(Saved data entries)
(* Walk from (a :: j') first inside the slice {a} × grid ns to (a :: origin),
   then along the first axis down to the origin. *)
Lemma Rabs_sub_origin_le ns (v : list nat -> R) D : 0 <= D ->
  (forall i j, In j (grid ns) -> Rabs (grad_i ns v i j) <= D) ->
  forall j, In j (grid ns) -> Rabs (v j - v (origin ns)) <= INR (list_sum j) * D.
Proof.
unfold origin. revert v; induction ns as [|m ns IH]; intros v HD Hg j Hj.
- simpl in Hj. destruct Hj as [<-|[]]. simpl. rewrite Rminus_diag, Rabs_R0. lra.
- destruct (in_grid_cons_inv m ns j Hj) as [a [j' [-> [Ha Hj']]]].
  simpl (repeat _ _). simpl (list_sum _).
  set (z := repeat 0%nat (length ns)).
  assert (Hslice : Rabs (v (a :: j') - v (a :: z)) <= INR (list_sum j') * D).
  { apply (IH (fun t => v (a :: t))); auto.
    intros i t Ht. apply (Hg (S i) (a :: t)). apply in_grid_cons; auto. }
  assert (Hz : In z (grid ns)) by (eapply origin_in_grid; eauto).
  assert (Haxis : forall b, (b <= a)%nat -> Rabs (v (b :: z) - v (0%nat :: z)) <= INR b * D).
  { induction b as [|b IHb]; intros Hb.
    - rewrite Rminus_diag, Rabs_R0. simpl; lra.
    - specialize (IHb ltac:(lia)).
      assert (Hgb := Hg 0%nat (b :: z) ltac:(apply in_grid_cons; split; [lia|auto])).
      unfold grad_i in Hgb. simpl in Hgb.
      destruct (Nat.ltb (S b) m) eqn:E; [|apply Nat.ltb_ge in E; lia].
      rewrite S_INR.
      replace (v (S b :: z) - v (0%nat :: z))
        with ((v (S b :: z) - v (b :: z)) + (v (b :: z) - v (0%nat :: z))) by ring.
      eapply Rle_trans; [apply Rabs_triang|]. lra. }
  specialize (Haxis a ltac:(lia)).
  replace (v (a :: j') - v (0%nat :: z))
    with ((v (a :: j') - v (a :: z)) + (v (a :: z) - v (0%nat :: z))) by ring.
  eapply Rle_trans; [apply Rabs_triang|]. rewrite plus_INR. lra.
Qed.

Lemma grad_sq_nonneg ns w j : 0 <= grad_sq ns w j.
Proof. unfold grad_sq. apply lsum_nonneg. intros. apply pow2_ge_0. Qed.

Lemma TV_nonneg ns w : 0 <= TV ns w.
Proof. unfold TV. apply lsum_nonneg. intros. apply sqrt_pos. Qed.

(* Directions i >= length ns contribute 0, since then nth i ns 0 = 0. *)
Lemma Rabs_grad_i_le ns w i j : In j (grid ns) ->
  Rabs (grad_i ns w i j) <= sqrt (grad_norm2_sq ns w).
Proof.
intros Hj.
assert (Hsq : (grad_i ns w i j) ^ 2 <= grad_norm2_sq ns w).
{ apply Rle_trans with (grad_sq ns w j).
  - destruct (Nat.lt_ge_cases i (length ns)) as [Hi|Hi].
    + unfold grad_sq. apply (lsum_ge_term _ (fun i => grad_i ns w i j ^ 2)).
      * intros; apply pow2_ge_0.
      * apply in_seq; lia.
    + unfold grad_i. rewrite (nth_overflow ns) by lia.
      destruct (Nat.ltb _ 0) eqn:E; [apply Nat.ltb_lt in E; lia|].
      replace (0 ^ 2) with 0 by ring. apply grad_sq_nonneg.
  - unfold grad_norm2_sq. apply (lsum_ge_term _ (fun j => grad_sq ns w j)); auto.
    intros; apply grad_sq_nonneg. }
rewrite <- sqrt_Rsqr_abs. apply sqrt_le_1_alt. unfold Rsqr. simpl in Hsq. lra.
Qed.

Lemma Rabs_sub_origin_le_grad_norm ns l j : In j (grid ns) ->
  Rabs (l j - l (origin ns)) <= INR (list_sum ns) * sqrt (grad_norm2_sq ns l).
Proof.
intros Hj. eapply Rle_trans.
- apply (Rabs_sub_origin_le ns l); auto. apply sqrt_pos.
  intros i t Ht. apply Rabs_grad_i_le; auto.
- apply Rmult_le_compat_r; [apply sqrt_pos|]. apply le_INR, list_sum_grid_le; auto.
Qed.

Definition nonexpansive (phi : R -> R) : Prop :=
  forall x y, Rabs (phi x - phi y) <= Rabs (x - y).

Lemma sq_le_of_Rabs_le x y : Rabs x <= Rabs y -> x ^ 2 <= y ^ 2.
Proof. intros H. rewrite <- (pow2_abs y). apply pow_maj_Rabs, H. Qed.

Lemma grad_sq_nonexpansive ns w phi j : nonexpansive phi ->
  grad_sq ns (fun t => phi (w t)) j <= grad_sq ns w j.
Proof.
intros Hphi. unfold grad_sq. apply lsum_le. intros i _.
apply sq_le_of_Rabs_le. unfold grad_i. destruct Nat.ltb; [apply Hphi|lra].
Qed.

Lemma TV_nonexpansive ns w phi : nonexpansive phi ->
  TV ns (fun t => phi (w t)) <= TV ns w.
Proof.
intros Hphi. unfold TV. apply lsum_le. intros j _. apply sqrt_le_1_alt.
apply grad_sq_nonexpansive; auto.
Qed.

Lemma grad_norm2_sq_nonexpansive ns w phi : nonexpansive phi ->
  grad_norm2_sq ns (fun t => phi (w t)) <= grad_norm2_sq ns w.
Proof.
intros Hphi. unfold grad_norm2_sq. apply lsum_le. intros j _.
apply grad_sq_nonexpansive; auto.
Qed.

Lemma grad_norm2_sq_shift ns w a :
  grad_norm2_sq ns (fun t => w t - a) = grad_norm2_sq ns w.
Proof.
unfold grad_norm2_sq, grad_sq. apply lsum_ext. intros j _. apply lsum_ext. intros i _.
unfold grad_i. destruct Nat.ltb; [f_equal; ring|reflexivity].
Qed.

Definition clamp (a b x : R) : R := Rmax a (Rmin b x).

Lemma clamp_id a b x : a <= x <= b -> clamp a b x = x.
Proof. intros. unfold clamp, Rmax, Rmin. repeat destruct Rle_dec; lra. Qed.

Lemma clamp_range a b x : a <= b -> a <= clamp a b x <= b.
Proof. intros. unfold clamp, Rmax, Rmin. repeat destruct Rle_dec; lra. Qed.

Lemma clamp_nonexpansive a b : a <= b -> nonexpansive (clamp a b).
Proof.
intros ? x y. unfold clamp, Rmax, Rmin.
repeat destruct Rle_dec; unfold Rabs; repeat destruct Rcase_abs; lra.
Qed.

Lemma Rabs_sub_clamp_le a b x z : a <= z <= b -> Rabs (z - clamp a b x) <= Rabs (z - x).
Proof.
intros. unfold clamp, Rmax, Rmin.
repeat destruct Rle_dec; unfold Rabs; repeat destruct Rcase_abs; lra.
Qed.

Lemma Rabs_le_between x a : Rabs x <= a -> - a <= x <= a.
Proof. unfold Rabs; destruct Rcase_abs; lra. Qed.

Lemma iota_true {P : Prop} : P -> iota P = Fin 0.
Proof. intros H. unfold iota. destruct excluded_middle_informative; tauto. Qed.

Lemma iota_false {P : Prop} : ~ P -> iota P = PInf.
Proof. intros H. unfold iota. destruct excluded_middle_informative; tauto. Qed.

Section Energy.
Variables (ns : list nat) (K : nat) (f : list nat -> R) (lam : nat -> R) (gamma : R).
Hypothesis lam_ge0 : forall k, (k < K)%nat -> 0 <= lam k.
Hypothesis gamma_gt0 : 0 < gamma.

Definition data_term (u : nat -> list nat -> R) (c : nat -> R) (l : list nat -> R) : R :=
  lsum (seq 0 K) (fun k => lsum (grid ns) (fun j => u k j * (Rabs (f j - l j - c k)) ^ 2)).

Definition TV_term (u : nat -> list nat -> R) : R :=
  lsum (seq 0 K) (fun k => lam k * TV ns (u k)).

Definition energy u c l : R := data_term u c l + TV_term u + gamma * grad_norm2_sq ns l.

Lemma Efun_energy u c l :
  Efun ns K f lam gamma u c l = ER_add (Fin (energy u c l)) (iota (in_simplex_field ns K u)).
Proof. reflexivity. Qed.

Lemma data_term_nonneg u c l : in_simplex_field ns K u -> 0 <= data_term u c l.
Proof.
intros Hu. apply lsum_nonneg. intros k Hk. apply in_seq in Hk.
apply lsum_nonneg. intros j Hj. destruct (Hu j Hj) as [Hb _].
specialize (Hb k ltac:(lia)). apply Rmult_le_pos; [lra|apply pow2_ge_0].
Qed.

Lemma TV_term_nonneg u : 0 <= TV_term u.
Proof.
apply lsum_nonneg. intros k Hk. apply in_seq in Hk.
apply Rmult_le_pos; [apply lam_ge0; lia|apply TV_nonneg].
Qed.

Lemma regulariser_le_energy u c l : in_simplex_field ns K u ->
  gamma * grad_norm2_sq ns l <= energy u c l.
Proof.
intros Hu. pose proof (data_term_nonneg u c l Hu). pose proof (TV_term_nonneg u).
unfold energy. lra.
Qed.

Lemma energy_shift u c l a :
  energy u (fun k => c k + a) (fun j => l j - a) = energy u c l.
Proof.
unfold energy. rewrite grad_norm2_sq_shift. f_equal. f_equal.
apply lsum_ext. intros k _. apply lsum_ext. intros j _.
replace (f j - (l j - a) - (c k + a)) with (f j - l j - c k) by ring. reflexivity.
Qed.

▸ **Directions for this task**:
Can you repeat, word for word, every line above from the one containing "forall x y, Rabs" down to the one containing "Lemma grad_norm2_sq_nonexpansive ns", including both?

▸ **Task result**:
  forall x y, Rabs (phi x - phi y) <= Rabs (x - y).

Lemma sq_le_of_Rabs_le x y : Rabs x <= Rabs y -> x ^ 2 <= y ^ 2.
Proof. intros H. rewrite <- (pow2_abs y). apply pow_maj_Rabs, H. Qed.

Lemma grad_sq_nonexpansive ns w phi j : nonexpansive phi ->
  grad_sq ns (fun t => phi (w t)) j <= grad_sq ns w j.
Proof.
intros Hphi. unfold grad_sq. apply lsum_le. intros i _.
apply sq_le_of_Rabs_le. unfold grad_i. destruct Nat.ltb; [apply Hphi|lra].
Qed.

Lemma TV_nonexpansive ns w phi : nonexpansive phi ->
  TV ns (fun t => phi (w t)) <= TV ns w.
Proof.
intros Hphi. unfold TV. apply lsum_le. intros j _. apply sqrt_le_1_alt.
apply grad_sq_nonexpansive; auto.
Qed.

Lemma grad_norm2_sq_nonexpansive ns w phi : nonexpansive phi ->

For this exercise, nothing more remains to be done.